Intestinal epithelial cells (IEC) are important in initiation and regulation of immune responses against numerous foreign substances including food, microorganisms and their metabolites in the intestine. Since the responses of IEC against yeasts have not yet been well understood, we investigated the effects of Candida albicans, Saccharomyces cerevisiae, and their cell wall components on interleukin-8 (IL-8) secretion by the IEC-like Caco-2 cells. Live cells of both yeast species stimulated Caco-2 cells to produce IL-8 only in the presence of butyric acid, which is a metabolite produced by intestinal bacteria. S. cerevisiae zymosan and glucan also enhanced IL-8 secretion. Treatment of Caco-2 cells with butyric acid increased the expression of mRNAs coding for Toll-like receptor 1 (TLR1), TLR6 and dectin-1, which recognize zymosan. C. albicans induced more IL-8 secretion and also decreased transepithelial electrical resistance more rapidly than S. cerevisiae. These results suggest that both yeasts in the intestine stimulate the host's mucosal immune systems by interacting with IEC.

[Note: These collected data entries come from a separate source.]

Lemma grp_blkE g (j : nat) : (g < 3)%N -> (j < Y)%N ->
  ((bk j)./2 == g) = (grp_start g <= j < grp_start g + grp_size g)%N.
Proof. by case: g => [|[|[|]]] //= _ ?; rewrite /blk; repeat case: ifP; lia. Qed.

Lemma grp_end_le g : (g < 3)%N -> (grp_start g + grp_size g <= Y)%N.
Proof. by case: g => [|[|[|]]] //= _; lia. Qed.

Lemma exists_in_grp g : (g < 3)%N -> (0 < grp_size g)%N -> exists j : 'I_Y, (bk j)./2 == g.
Proof.
move=> g_lt3 g_nonempty.
have lt_start : (grp_start g < Y)%N by have := grp_end_le _ g_lt3; lia.
by exists (Ordinal lt_start); rewrite grp_blkE //=; lia.
Qed.

Lemma sum_grp_periodic g (n m s : nat) : (g < 3)%N -> (0 < n)%N -> (m <= n)%N ->
  (n %| grp_size g)%N ->
  \sum_(j < Y | (bk j)./2 == g) (if ((s + (j - grp_start g)) %% n < m)%N then 1 else 0 : int)
  = (grp_size g %/ n * m)%:Z.
Proof.
move=> g_lt3 n_gt0 le_mn n_dvd.
pose F j : int := if ((s + j) %% n < m)%N then 1 else 0.
rewrite (eq_bigr (fun j : 'I_Y => F (j - grp_start g)%N)) //.
rewrite (eq_bigl (fun j : 'I_Y => grp_start g <= j < grp_start g + grp_size g)%N);
  last by move=> j; rewrite grp_blkE.
rewrite (@sum_ord_nat _ _ _ (fun j => F (j - grp_start g)%N)) ?grp_end_le //.
rewrite -{1}(add0n (grp_start g)) big_addn.
under eq_bigr => j _ do rewrite addnK.
have -> : (grp_start g + grp_size g - grp_start g = grp_size g %/ n * n)%N.
  by rewrite divnK //; lia.
exact: sum_indicator_lt_periodic.
Qed.

Definition forced_count (r : nat) (n : nat -> int) (c : nat) : int :=
  if sgn_tab r c == 1 then 0 else if sgn_tab r c == -1 then (bsize c)%:Z else n c.

(* The (i, i') entry of (A + E)(A + E)^T - AA^T, for rows i, i' in blocks r, r' on
   which A has block counts n, n'. *)
Definition gram_defect (r r' : nat) (n n' : nat -> int) : int :=
  sum6 (fun c => sgn_tab r' c * n c + sgn_tab r c * n' c
                 + sgn_tab r c * sgn_tab r' c * (bsize c)%:Z).

Definition weight_of_counts (r : nat) (n : nat -> int) : int :=
  sum6 (fun c => if sgn_tab r c == 0 then
                   (if odd r == odd c then n c else (bsize c)%:Z - n c) else 0).

Definition grp_sign (g : nat) : int := if g == 1%N then -1 else 1.

Definition balance (r : nat) (w : int) : int :=
  grp_sign r./2 * (2 * w - (grp_size (2 - r./2))%:Z).

Lemma gram_defect_eq0 r r' n n' : (r < 6)%N -> (r' < 6)%N -> balanced_sizes ->
  gram_defect r r' (forced_count r n) (forced_count r' n') = 0 <->
  r./2 = r'./2 \/ balance r (weight_of_counts r n) = balance r' (weight_of_counts r' n').
Proof.
move=> + + [l1 l2].
case: r => [|[|[|[|[|[|r]]]]]] // _; case: r' => [|[|[|[|[|[|r']]]]]] // _;
  rewrite /gram_defect /forced_count /weight_of_counts /balance /grp_sign /=
    ?subSS ?subn0 /sum6 /=; lia.
Qed.

Lemma grp_signC g : (g < 3)%N -> grp_sign (2 - g) = grp_sign g.
Proof. by case: g => [|[|[|]]]. Qed.

Lemma balance_double_weight r w a : balance r w = a ->
  2 * w = grp_sign r./2 * a + (grp_size (2 - r./2))%:Z.
Proof. by move <-; rewrite /balance /grp_sign; case: ifP => _; ring. Qed.

End Blocks.

Arguments blk_lt6 {y0 y1 y2 y3 y4 y5}.
Arguments blk_half_lt3 {y0 y1 y2 y3 y4 y5}.
Arguments sum_blk_card {y0 y1 y2 y3 y4 y5 c}.
Arguments exists_in_grp {y0 y1 y2 y3 y4 y5} g.
Arguments balance_double_weight {y0 y1 y2 y3 y4 y5 r w a}.

Section Gram.
Variables x0 x1 x2 x3 x4 x5 y0 y1 y2 y3 y4 y5 : nat.
Local Notation X := (x0 + x1 + x2 + x3 + x4 + x5)%N.
Local Notation Y := (y0 + y1 + y2 + y3 + y4 + y5)%N.
Local Notation rk := (blk x0 x1 x2 x3 x4 x5).
Local Notation ck := (blk y0 y1 y2 y3 y4 y5).
Local Notation E := (Emx y0 y1 y2 y3 y4 y5 x0 x1 x2 x3 x4 x5).
Local Notation sgn i j := (sgn_tab (rk i) (ck j)).
Local Notation fcount := (forced_count y0 y1 y2 y3 y4 y5).
Local Notation bal := (balance y0 y1 y2 y3 y4 y5).

Definition forced (A : 'M[int]_(X, Y)) : Prop :=
  forall (i : 'I_X) (j : 'I_Y), sgn i j != 0 -> A i j = if sgn i j == -1 then 1 else 0.

Definition blk_count (A : 'M[int]_(X, Y)) (i : 'I_X) (c : nat) : int :=
  \sum_(j : 'I_Y | ck j == c) A i j.

Definition twisted (A : 'M[int]_(X, Y)) (i : 'I_X) (j : 'I_Y) : int :=
  if odd (rk i) == odd (ck j) then A i j else 1 - A i j.

Definition row_weight (A : 'M[int]_(X, Y)) (i : 'I_X) : int :=
  \sum_(j : 'I_Y | sgn i j == 0) twisted A i j.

Cellule epiteliali intestinali (IEC) sono importanti in avvio e regolazione delle risposte immunitarie contro numerose sostanze estranee tra cui alimentari, microrganismi e loro metaboliti a livello intestinale.
Poiché le risposte di IEC contro lieviti non sono ancora stati ben compresi, abbiamo studiato gli effetti di Candida albicans, Saccharomyces cerevisiae, e dei loro componenti della parete cellulare di interleuchina-8 (IL-8), la secrezione dalle IEC-simili cellule Caco-2.  Questi risultati indicano che entrambi i lieviti nell'intestino stimolano il sistema immunitario mucosale dell'ospite interagendo con IEC.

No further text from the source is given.